Kali ini Saranita menoleh, tapi kepalan di tangannya semakin menguat. “Apa?”

“Aksara pacar lo, kan?”

“Kenapa?”

Raqueelia menatap mata kosong milik Saranita kebingungan. Sejak duduk di kursi Sekolah Menengah Atas, Raqueelia selalu mendapat jatah untuk satu kelas dengan Saranita. Walau tidak begitu akrab dengan Saranita, ia sadar bahwa sejak satu bulan kemarin Saranita jelas berbeda. Akhirnya Raqueelia menggeleng dan memilih untuk memendam rasa ingintahu nya itu.

“Aksara pindah sekolah.” Saranita mengangkat kedua sudut bibirnya penuh. Berharap dengan sangat Raqueelia mengerti atas jawaban tiga kata itu bahwa ia tidak lagi ingin ditanyakan perihal ini. Bukan. Bukan karena Saranita tidak ingin menjawab segala pertanyaan tentang Aksara, tapi bagaimana caranya Saranita ingin menjawab jika ia sendiri tidak tahu dimana keberadaan pria itu?

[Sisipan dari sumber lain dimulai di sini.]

(* There exists a set $T$ of five terminals in the plane, no two on a common horizontal or vertical line, for which $N_{\varnothing}(T)$ is a bidirected Manhattan network on $T$ but is not of minimum length: its length is $34$, while a bidirected Manhattan network on $T$ of length $32$ exists.
   Context: For points $p,q$, $R(p,q)$ is the smallest closed axis-parallel rectangle containing $p$ and $q$; for terminals ${\bf t}_i,{\bf t}_j\in T$, $R_{i,j}=R({\bf t}_i,{\bf t}_j)$, which is empty if $R_{i,j}\cap T=\{{\bf t}_i,{\bf t}_j\}$. $\Gamma(T)$ is the grid formed by the horizontal and vertical lines through the terminals, restricted to the bounding box of $T$. An oriented subnetwork of $\Gamma(T)$ is a set of edges of $\Gamma(T)$ each directed in exactly one sense; its length is the total length of its edges. A bidirected Manhattan network on $T$ is an oriented subnetwork of $\Gamma(T)$ containing, for every ordered pair of distinct terminals $(t,t')$, a directed path from $t$ to $t'$ of length $|t^x-t'^x|+|t^y-t'^y|$. $N_{\varnothing}(T)$ is the oriented subnetwork consisting of the boundary edges of all empty rectangles $R_{i,j}$, where the boundary of $R_{i,j}$ is oriented clockwise if the segment ${\bf t}_i{\bf t}_j$ has positive slope and counterclockwise if it has negative slope. *)

From Stdlib Require Import Reals List.
Import ListNotations.
Open Scope R_scope.

Definition point : Type := (R * R)%type.
Definition px (p : point) : R := fst p.
Definition py (p : point) : R := snd p.

Definition dedge : Type := (point * point)%type.

Definition l1 (p q : point) : R := Rabs (px p - px q) + Rabs (py p - py q).

(* Edges of the grid Gamma(T): segments between consecutive grid vertices
   on a horizontal (resp. vertical) line through a terminal.  Since all grid
   lines pass through terminals, this is automatically restricted to the
   bounding box of T. *)
Definition grid_edge (T : list point) (p q : point) : Prop :=
  let Xs := map px T in
  let Ys := map py T in
  (In (py p) Ys /\ py p = py q /\ In (px p) Xs /\ In (px q) Xs /\ px p <> px q /\
   forall x, In x Xs -> ~ (Rmin (px p) (px q) < x < Rmax (px p) (px q)))
  \/
  (In (px p) Xs /\ px p = px q /\ In (py p) Ys /\ In (py q) Ys /\ py p <> py q /\
   forall y, In y Ys -> ~ (Rmin (py p) (py q) < y < Rmax (py p) (py q))).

Raqueelia tersenyum dan mengangguk. “Oh, gitu.”

“Pindah kemana, Sar? Kok sayang banget, sih? Tahun ini kita harusnya lulus. Masa Aksara pindah?”

Saranita sempat bersyukur ketika Raqueelia memilih untuk memutus percakapan mereka, tapi rasa syukur itu tiba-tiba hilang ketika Syifa yang terlihat tidak peduli justru kembali bertanya perihal prianya.

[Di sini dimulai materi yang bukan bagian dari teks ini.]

Lemma first_hit_gt d M (w : {ffun 'I_M -> {set 'I_d}}) (j : 'I_d) c : (c <= M)%N ->
  (c < first_hit w j)%N = [forall t : 'I_M, (t < c)%N ==> (j \notin w t)].
Proof.
move=> cM; rewrite /first_hit ltnS.
set s := [seq w t | t <- enum 'I_M].
have size_s : size s = M by rewrite size_map size_enum_ord.
have nth_s (t : 'I_M) : nth set0 s t = w t.
  by rewrite (nth_map t) ?size_enum_ord // nth_ord_enum.
apply/idP/forallP => [c_le t | avoid].
  apply/implyP => tc; have := @before_find _ set0 (fun I : {set 'I_d} => j \in I) s t.
  by rewrite nth_s => ->//; exact: leq_trans tc c_le.
rewrite leqNgt; apply/negP => hlt.
have hM : (find (fun I : {set 'I_d} => j \in I) s < M)%N by exact: leq_trans hlt cM.
have := @nth_find _ set0 (fun I : {set 'I_d} => j \in I) s.
rewrite has_find size_s hM => /(_ isT).
have /= -> := nth_s (Ordinal hM).
by have /implyP /(_ hlt) /negbTE -> := avoid (Ordinal hM).
Qed.

Lemma sum_trials_prod d M (p : {set 'I_d} -> R) (Q : 'I_M -> pred {set 'I_d}) :
  \big[Rplus/R0]_(w : {ffun 'I_M -> {set 'I_d}})
     (if [forall t, Q t (w t)] then \big[Rmult/R1]_t p (w t) else R0)
  = \big[Rmult/R1]_t \big[Rplus/R0]_(I : {set 'I_d}) (if Q t I then p I else R0).
Proof.
rewrite bigA_distr_bigA /=; apply: eq_bigr => w _.
rewrite if_indR -prodR_indR -big_split /=; apply: eq_bigr => t _; rewrite if_indR; ring.
Qed.

(* Probability that trial [t + 1] avoids every coordinate [i j] that must
   still survive at time [t], i.e. with [t < n j]. *)
Definition avoid_prob d (p : {set 'I_d} -> R) k (i : 'I_k -> 'I_d) (n : 'I_k -> nat)
    (t : nat) : R :=
  \big[Rplus/R0]_(I : {set 'I_d})
     (if [forall j, (t < n j)%N ==> (i j \notin I)] then p I else R0).

Definition wsg_surv d (p : {set 'I_d} -> R) k (i : 'I_k -> 'I_d) (n : 'I_k -> nat) : R :=
  \big[Rmult/R1]_(0 <= t < \max_(j : 'I_k) n j) avoid_prob p i n t.

Lemma sum_trials_surv_event d M k (p : {set 'I_d} -> R) (i : 'I_k -> 'I_d) n :
  (forall j, n j <= M)%N ->
  \big[Rplus/R0]_(w : {ffun 'I_M -> {set 'I_d}})
     (if surv_event i n (first_hit w) then \big[Rmult/R1]_t p (w t) else R0)
  = \big[Rmult/R1]_(0 <= t < M) avoid_prob p i n t.
Proof.
move=> nM; rewrite big_mkord /avoid_prob.
rewrite -(sum_trials_prod p (fun (t : 'I_M) I => [forall j, (t < n j)%N ==> (i j \notin I)])).
apply: eq_bigr => w _; congr (if _ then _ else _).
apply/forallP/forallP => [surv t | avoid j].
  by apply/forallP => j; move: (surv j); rewrite first_hit_gt // => /forallP.
by rewrite first_hit_gt //; apply/forallP => t; move: (avoid t) => /forallP.
Qed.

Section WsgSurv.
Variables (d : nat) (p : {set 'I_d} -> R).
Hypothesis p_sum1 : \big[Rplus/R0]_I p I = 1.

“Kanada.” Saranita berdiri, hendak meninggalkan semangkuk soto yang baru saja diantar oleh Mas Adi. “Aksara pindah ke Kanada, Syif. Gue duluan, ya?” Tanpa permisi, Saranita berlari menuju perpustakaan yang berada di lantai tiga. Lantai yang jarang sekali dipijaki oleh murid-murid kecuali sedang ada tugas dari guru Bahasa Indonesia.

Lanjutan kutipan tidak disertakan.